‘Consumption boom need to boost China’s economic recovery’
The Chinese government should increase household incomes and improve the country’s social security system in order to boost consumption, a former senior research figure has said.
Zheng Xinli, former deputy director of the Communist Party’s Central Policy Research Office, added that the authorities should not impose restrictions on the purchase of big-ticket items like houses and cars. “The market conditions of products like homes and cars have a greater impact on economic stability,” he said.
Writing for the Study Times, Zheng said: “We need to improve management of production and sales channels, not impose administrative restrictions hastily, and create a favourable policy environment for sustainable growth of the real estate and automobile industries.”
The article was published ahead of the forthcoming meeting of the party’s Central Committee, scheduled for July. It is expected that economic reform will be high on the agenda, to tackle tightening factory output, property purchases and consumer spending.
In May, Beijing announced measures to help stabilise its property market, including an injection of 300 billion yuan (£34 billion) to help clear excess stock.
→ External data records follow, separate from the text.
(* Let $D$ be a directed graph with vertex set $I$, $A=kD$ its path algebra over a field $k$, and let $r$ be any one of $r_b,r_k,r_l,r_j$. The following are equivalent: (i) every weak component of $D$ is a strong component; (ii) every unilateral component of $D$ is a strong component; (iii) the weak components, unilateral components and strong components of $D$ coincide; (iv) $D$ is the union of its strong components (every arrow lies in some strong component); (v) $D$ has no regular path; (vi) for all $i,j\in I$, $A_{ij}=0$ if and only if $A_{ji}=0$; (vii) $A$ is a direct sum of prime algebras; (viii) $A$ is semiprime; (ix) for all $i,j\in I$, $A_{ij}$ is a semiprime $A_{ji}$-ring; (x) $r(A_{ij})=0$ for all $i,j\in I$; (xi) $r(A)=0$.
   Context: The path algebra $kD=\bigoplus_{i,j\in I}A_{ij}$ with $A_{ij}$ the span of paths from $i$ to $j$ of length $\ge1$, plus the trivial path $e_{ii}$ if $i=j$; multiplication is concatenation. A weak component is a maximal subgraph whose underlying undirected graph is connected; a unilateral component is a maximal subgraph in which for any two vertices $u,v$ there is a path from $u$ to $v$ or from $v$ to $u$; a strong component is a maximal subgraph in which for any two vertices there are paths in both directions. A regular path is a path of length $\ge1$ from $i$ to $j$ such that there is no path from $j$ to $i$. An algebra is prime if $xAy=0$ implies $x=0$ or $y=0$, and semiprime if $xAx=0$ implies $x=0$. $A_{ij}$ is regarded as a $\Gamma$-ring with $\Gamma=A_{ji}$; it is semiprime if $xA_{ji}A_{ij}A_{ji}x=0$ with $x\in A_{ij}$ implies $x=0$. $r(A)$ is the ring radical ($r_b$ Baer, $r_k$ nil, $r_l$ Levitzki, $r_j$ Jacobson) and $r(A_{ij})$ the corresponding $\Gamma$-ring radical (Coppage–Luh). *)

From HB Require Import structures.
From mathcomp Require Import all_boot all_order all_algebra.
From Stdlib Require Import Relations.
From Stdlib Require List.

Set Implicit Arguments.
Unset Strict Implicit.
Unset Printing Implicit Defensive.
Import GRing.Theory.
Local Open Scope ring_scope.

Definition adj (I E : Type) (src tgt : E -> I) (u v : I) : Prop :=
  exists e, src e = u /\ tgt e = v.

Definition reach (I E : Type) (src tgt : E -> I) : relation I :=
  clos_refl_trans I (adj src tgt).

Record subgraph (I E : Type) := Subgraph { sg_v : I -> Prop; sg_e : E -> Prop }.

Definition is_subgraph (I E : Type) (src tgt : E -> I) (H : subgraph I E) :=
  forall e, sg_e H e -> sg_v H (src e) /\ sg_v H (tgt e).

Definition sg_le (I E : Type) (H H' : subgraph I E) :=
  (forall v, sg_v H v -> sg_v H' v) /\ (forall e, sg_e H e -> sg_e H' e).

Definition adj_in (I E : Type) (src tgt : E -> I) (H : subgraph I E) (u v : I) :=
  exists e, sg_e H e /\ src e = u /\ tgt e = v.

Definition weakly_connected (I E : Type) (src tgt : E -> I) (H : subgraph I E) :=
  forall u v, sg_v H u -> sg_v H v -> clos_refl_sym_trans I (adj_in src tgt H) u v.

Definition unilaterally_connected (I E : Type) (src tgt : E -> I) (H : subgraph I E) :=
  forall u v, sg_v H u -> sg_v H v ->
    clos_refl_trans I (adj_in src tgt H) u v \/ clos_refl_trans I (adj_in src tgt H) v u.

Definition strongly_connected (I E : Type) (src tgt : E -> I) (H : subgraph I E) :=
  forall u v, sg_v H u -> sg_v H v ->
    clos_refl_trans I (adj_in src tgt H) u v /\ clos_refl_trans I (adj_in src tgt H) v u.

Definition maximal_subgraph (I E : Type) (src tgt : E -> I)
  (P : subgraph I E -> Prop) (H : subgraph I E) :=
  is_subgraph src tgt H /\ P H /\
  forall H', is_subgraph src tgt H' -> P H' -> sg_le H H' -> sg_le H' H.

Definition weak_component (I E : Type) (src tgt : E -> I) :=
  maximal_subgraph src tgt (weakly_connected src tgt).
Definition unilateral_component (I E : Type) (src tgt : E -> I) :=
  maximal_subgraph src tgt (unilaterally_connected src tgt).
Definition strong_component (I E : Type) (src tgt : E -> I) :=
  maximal_subgraph src tgt (strongly_connected src tgt).

(* paths as a start vertex plus a list of composable arrows *)
Fixpoint is_walk (I E : Type) (src tgt : E -> I) (v : I) (l : seq E) : Prop :=
  match l with
  | [::] => True
  | e :: l' => src e = v /\ is_walk src tgt (tgt e) l'
  end.

Fixpoint walk_end (I E : Type) (tgt : E -> I) (v : I) (l : seq E) : I :=
  match l with
  | [::] => v
  | e :: l' => walk_end tgt (tgt e) l'
  end.

Definition has_regular_path (I E : Type) (src tgt : E -> I) :=
  exists i j (l : seq E), is_walk src tgt i l /\ l <> [::] /\
    walk_end tgt i l = j /\ ~ reach src tgt j i.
However, the government’s rescue package has yet to make an impact as new home prices saw a further decline in May, the steepest drop in nearly 10 years, the researcher said.
Zheng also called for an expansion of service sectors including education, tourism, culture, law and sports, saying all carry “huge potential” to serve as new drivers for growth.
The China Retail Performance Index, a barometer of retail sector sentiment, stood at a 12-month high of 50.4% in April, reflecting assurances made by central government that it would expand domestic demand and support the wider economy.
All levels of education should be improved to develop “new productive forces”, Zheng said in his Study Times article. To address the current shortage of skilled personnel and high rates of unemployment among college graduates, China should step up vocational education, increase salaries and offer opportunities for upward mobility among skilled workers, he said.
The Chinese government is already looking to create more job opportunities for the country’s graduates in a wide arrange of sectors.
Earlier this month, the Ministry of Human Resources and Social Security said Beijing is expected to create more job opportunities for almost 12 million graduates who are at the start of their careers.
Nineteen new professions, including roles such as e-commerce live-streamers and intelligent connected vehicle testers, are on the horizon, according to a recent plan published by the Ministry. It said these new professions and types of work are an indication of the demand for talent and the shortage of labour.
Zheng further recommended the setting up of ‘super strong’ technology research teams and enterprises with the capacity for innovation, using taxation and finance policy to support investment in hi-tech research and development.
‘Little giants’ rewarded for their innovation
Around 1,000 specialist and innovative small and medium-sized enterprises are to receive government rewards and subsidies in 2024 from a dedicated fund, to support them in facilitating high-quality development, the Ministry of Finance and the Ministry of Industry and Information Technology announced in a joint statement.
The fund will be divided into three, and will be used to mainly support the high-quality development of those national-level enterprises in key areas during the 2024 to 2026 period, with around 1,000 enterprises expected to be covered in 2024. This will be expanded to another tranche of enterprises in 2025 and 2026.
The rewards and subsidies are aimed to encourage the enterprises in key areas to increase investment in innovation. Funds will be dedicated to management diagnosis, talent training and quality inspections for those enterprises.
These innovation-driven small and medium-sized enterprises, which own core technologies in a niche market and show great market potential, are known as ‘little giants’.